The video offers valuable, actionable information for creators and practitioners interested in personalizing AI outputs. The step-by-step approach is clear and easy to follow, with real-world examples and cost breakdowns. The argumentation is practical, based on the host’s own experiments, and effectively demonstrates the value of fine-tuning for style transfer. However, the video lacks a critical analysis of limitations, such as potential biases in training data or the risk of overfitting, and does not compare with alternative fine-tuning methods or platforms.

Scientific Rigor, Source Quality, Title Accuracy

The video is a tutorial rather than a scientific study, so it does not cite academic sources.
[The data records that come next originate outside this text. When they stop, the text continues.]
(* Consider equation (E). Assume there exist continuous non-decreasing functions $\sigma_1,\dots,\sigma_m:[t_0,\infty)\to\mathbb{R}$ such that $\tau_i(t)\le\sigma_i(t)\le t$ for all $t\ge t_0$ and $i=1,\dots,m$. For $t\ge t_0$ and $i,j\in\{1,\dots,m\}$ put $$I_{ij}(t)=\int_{\sigma_j(t)}^{t}p_i(s)\exp\Bigg(\int_{\tau_i(s)}^{\sigma_i(t)}\sum_{k=1}^{m}p_k(\xi)\exp\bigg(\int_{\tau_k(\xi)}^{\xi}\sum_{l=1}^{m}p_l(u)\,du\bigg)d\xi\Bigg)ds .$$ If $$\limsup_{t\to+\infty}\prod_{j=1}^{m}\Bigg[\prod_{i=1}^{m}I_{ij}(t)\Bigg]^{1/m}>\frac{1}{m^{m}},$$ then all solutions of (E) oscillate.
   Context: Equation (E) is $x'(t)+\sum_{i=1}^{m}p_i(t)\,x(\tau_i(t))=0$, $t\ge t_0$, where $m\ge1$ is an integer and, for each $i$, $p_i,\tau_i:[t_0,\infty)\to[0,\infty)$ are continuous, $\tau_i(t)\le t$ for $t\ge t_0$, and $\lim_{t\to\infty}\tau_i(t)=\infty$. Let $\tau(t)=\min_i\tau_i(t)$ and $\tau_{(-1)}(t)=\sup\{s:\tau(s)\le t\}$. A solution of (E) is a function $x\in C([T_0,\infty);\mathbb{R})$ for some $T_0\ge t_0$ which is continuously differentiable on $[\tau_{(-1)}(T_0),\infty)$ and satisfies (E) for $t\ge\tau_{(-1)}(T_0)$. A solution is oscillatory if it has arbitrarily large zeros, and nonoscillatory otherwise; ''all solutions oscillate'' means every solution is oscillatory. *)

From Stdlib Require Import Reals Lra Classical ClassicalEpsilon.
Open Scope R_scope.

(* If f is not Riemann integrable on the interval, the value is
   an arbitrary default 0 (this never happens in the relevant range: the
   integrands are continuous there).  RiemannInt is independent of the
   integrability proof (RiemannInt_P5). *)
Definition Rint (f : R -> R) (a b : R) : R :=
  match excluded_middle_informative (exists _ : Riemann_integrable f a b, True) with
  | left H => RiemannInt (proj1_sig (constructive_indefinite_description _ H))
  | right _ => 0
  end.

Fixpoint sumR (n : nat) (f : nat -> R) : R :=
  match n with O => 0 | S k => sumR k f + f k end.
Fixpoint prodR (n : nat) (f : nat -> R) : R :=
  match n with O => 1 | S k => prodR k f * f k end.

Fixpoint minR (n : nat) (f : nat -> R) : R :=
  match n with O => f O | S k => Rmin (minR k f) (f (S k)) end.

Definition rootR (m : nat) (x : R) : R :=
  if Rle_dec x 0 then 0 else Rpower x (/ INR m).

Definition cont_from (a : R) (f : R -> R) : Prop :=
  forall t, a <= t -> forall eps, 0 < eps -> exists delta, 0 < delta /\
    forall s, a <= s -> Rabs (s - t) < delta -> Rabs (f s - f t) < eps.

Definition deriv_from (a : R) (f : R -> R) (t l : R) : Prop :=
  forall eps, 0 < eps -> exists delta, 0 < delta /\
    forall h, h <> 0 -> Rabs h < delta -> a <= t + h ->
      Rabs ((f (t + h) - f t) / h - l) < eps.

Definition nondecr_from (a : R) (f : R -> R) : Prop :=
  forall s t, a <= s -> s <= t -> f s <= f t.

Definition tends_to_infty (f : R -> R) : Prop :=
  forall M, exists T, forall t, T <= t -> M <= f t.

(* limsup_{t -> +oo} f t > c   (limsup taken in the extended reals) *)
Definition limsup_gt (f : R -> R) (c : R) : Prop :=
  exists d, c < d /\ forall T, exists t, T <= t /\ d <= f t.

Definition tau_min (m : nat) (tau : nat -> R -> R) (t : R) : R :=
  minR (pred m) (fun i => tau i t).

(* x is a solution of (E) on [T0, +oo):  x continuous on [T0,oo),
   continuously differentiable on [tau_(-1)(T0), oo) where
   tau_(-1)(T0) = sup { s >= t0 : tau(s) <= T0 }, and satisfies (E) there. *)
Definition is_solution (t0 : R) (m : nat) (p tau : nat -> R -> R)
    (x : R -> R) : Prop :=
  exists T0 T1, t0 <= T0 /\
    is_lub (fun s => t0 <= s /\ tau_min m tau s <= T0) T1 /\
    cont_from T0 x /\
    exists x' : R -> R, cont_from T1 x' /\
      forall t, T1 <= t ->
        deriv_from T1 x t (x' t) /\
        x' t + sumR m (fun i => p i t * x (tau i t)) = 0.

Definition oscillatory (x : R -> R) : Prop :=
  forall T, exists t, T <= t /\ x t = 0.

Definition I_ij (m : nat) (p tau sigma : nat -> R -> R) (i j : nat) (t : R) : R :=
  Rint (fun s =>
    p i s * exp (Rint (fun xi =>
      sumR m (fun k => p k xi *
        exp (Rint (fun u => sumR m (fun l => p l u)) (tau k xi) xi)))
      (tau i s) (sigma i t)))
    (sigma j t) t.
The host references the Nebius platform and mentions a blog post for hyperparameter recommendations, but does not provide specific URLs. The title accurately reflects the content. The video includes a sponsorship segment for Notion, which is clearly disclosed. The host’s approach is transparent, showing both successes and limitations (e.g., formatting issues, overfitting). However, the lack of citations and reliance on anecdotal evidence limits its scientific rigor.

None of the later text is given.